MATERIAL FOR THIS EXERCISE:
+ + + + +

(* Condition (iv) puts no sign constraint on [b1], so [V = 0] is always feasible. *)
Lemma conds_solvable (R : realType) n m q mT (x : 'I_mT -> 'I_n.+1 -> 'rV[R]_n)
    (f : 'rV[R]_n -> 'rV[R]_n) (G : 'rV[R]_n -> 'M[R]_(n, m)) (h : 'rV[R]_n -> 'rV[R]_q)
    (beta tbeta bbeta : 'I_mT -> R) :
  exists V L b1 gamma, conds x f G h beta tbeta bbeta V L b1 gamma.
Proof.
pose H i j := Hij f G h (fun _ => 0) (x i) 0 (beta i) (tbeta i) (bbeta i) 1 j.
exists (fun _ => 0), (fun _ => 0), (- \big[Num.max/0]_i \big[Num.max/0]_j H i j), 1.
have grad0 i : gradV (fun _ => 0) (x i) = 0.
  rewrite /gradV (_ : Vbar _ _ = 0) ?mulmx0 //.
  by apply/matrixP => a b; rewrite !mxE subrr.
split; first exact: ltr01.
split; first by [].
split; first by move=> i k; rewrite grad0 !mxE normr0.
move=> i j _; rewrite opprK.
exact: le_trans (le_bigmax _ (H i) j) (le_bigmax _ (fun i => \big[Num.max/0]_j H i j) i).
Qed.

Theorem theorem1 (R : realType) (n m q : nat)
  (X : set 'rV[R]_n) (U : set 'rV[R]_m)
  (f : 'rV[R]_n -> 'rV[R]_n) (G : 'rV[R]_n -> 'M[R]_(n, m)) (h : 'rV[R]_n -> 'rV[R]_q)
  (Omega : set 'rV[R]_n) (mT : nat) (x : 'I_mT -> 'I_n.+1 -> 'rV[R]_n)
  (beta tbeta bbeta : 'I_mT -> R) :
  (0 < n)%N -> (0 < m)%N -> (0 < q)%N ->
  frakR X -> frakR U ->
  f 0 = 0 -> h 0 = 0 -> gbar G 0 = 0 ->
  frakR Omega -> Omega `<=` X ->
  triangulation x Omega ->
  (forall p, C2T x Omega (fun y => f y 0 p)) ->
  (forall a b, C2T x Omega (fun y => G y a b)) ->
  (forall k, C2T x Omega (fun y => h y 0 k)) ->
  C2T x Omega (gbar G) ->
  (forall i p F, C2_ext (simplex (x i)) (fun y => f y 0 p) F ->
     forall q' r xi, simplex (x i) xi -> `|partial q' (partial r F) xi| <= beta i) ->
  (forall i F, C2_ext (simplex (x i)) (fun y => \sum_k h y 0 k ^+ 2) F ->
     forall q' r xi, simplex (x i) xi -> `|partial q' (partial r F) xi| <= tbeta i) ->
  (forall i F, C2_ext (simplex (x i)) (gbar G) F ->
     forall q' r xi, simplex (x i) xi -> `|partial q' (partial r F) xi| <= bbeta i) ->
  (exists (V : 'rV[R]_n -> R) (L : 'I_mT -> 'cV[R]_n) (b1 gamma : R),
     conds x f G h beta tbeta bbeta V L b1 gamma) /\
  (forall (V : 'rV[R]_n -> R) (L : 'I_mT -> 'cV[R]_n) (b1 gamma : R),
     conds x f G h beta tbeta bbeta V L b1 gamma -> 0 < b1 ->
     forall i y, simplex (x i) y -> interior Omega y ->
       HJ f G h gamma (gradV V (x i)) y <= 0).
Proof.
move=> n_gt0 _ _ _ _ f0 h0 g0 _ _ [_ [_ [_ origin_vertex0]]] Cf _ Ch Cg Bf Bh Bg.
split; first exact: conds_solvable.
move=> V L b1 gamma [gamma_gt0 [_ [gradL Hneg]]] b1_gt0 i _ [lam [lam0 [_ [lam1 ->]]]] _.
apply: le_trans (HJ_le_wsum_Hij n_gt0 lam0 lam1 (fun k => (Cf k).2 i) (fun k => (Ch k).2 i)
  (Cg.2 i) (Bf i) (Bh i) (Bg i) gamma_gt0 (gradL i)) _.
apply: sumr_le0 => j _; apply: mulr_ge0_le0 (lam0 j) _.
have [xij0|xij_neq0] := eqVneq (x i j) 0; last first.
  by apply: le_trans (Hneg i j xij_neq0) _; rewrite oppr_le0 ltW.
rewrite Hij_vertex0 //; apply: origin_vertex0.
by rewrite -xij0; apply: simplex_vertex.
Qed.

+ + + + +

WORK REQUEST: Copy the line containing "forall i y, simplex" and every line after it, through the last line of the records. Include nothing else.

EXERCISE RESPONSE:
     forall i y, simplex (x i) y -> interior Omega y ->
       HJ f G h gamma (gradV V (x i)) y <= 0).
Proof.
move=> n_gt0 _ _ _ _ f0 h0 g0 _ _ [_ [_ [_ origin_vertex0]]] Cf _ Ch Cg Bf Bh Bg.
split; first exact: conds_solvable.
move=> V L b1 gamma [gamma_gt0 [_ [gradL Hneg]]] b1_gt0 i _ [lam [lam0 [_ [lam1 ->]]]] _.
apply: le_trans (HJ_le_wsum_Hij n_gt0 lam0 lam1 (fun k => (Cf k).2 i) (fun k => (Ch k).2 i)
  (Cg.2 i) (Bf i) (Bh i) (Bg i) gamma_gt0 (gradL i)) _.
apply: sumr_le0 => j _; apply: mulr_ge0_le0 (lam0 j) _.
have [xij0|xij_neq0] := eqVneq (x i j) 0; last first.
  by apply: le_trans (Hneg i j xij_neq0) _; rewrite oppr_le0 ltW.
rewrite Hij_vertex0 //; apply: origin_vertex0.
by rewrite -xij0; apply: simplex_vertex.
Qed.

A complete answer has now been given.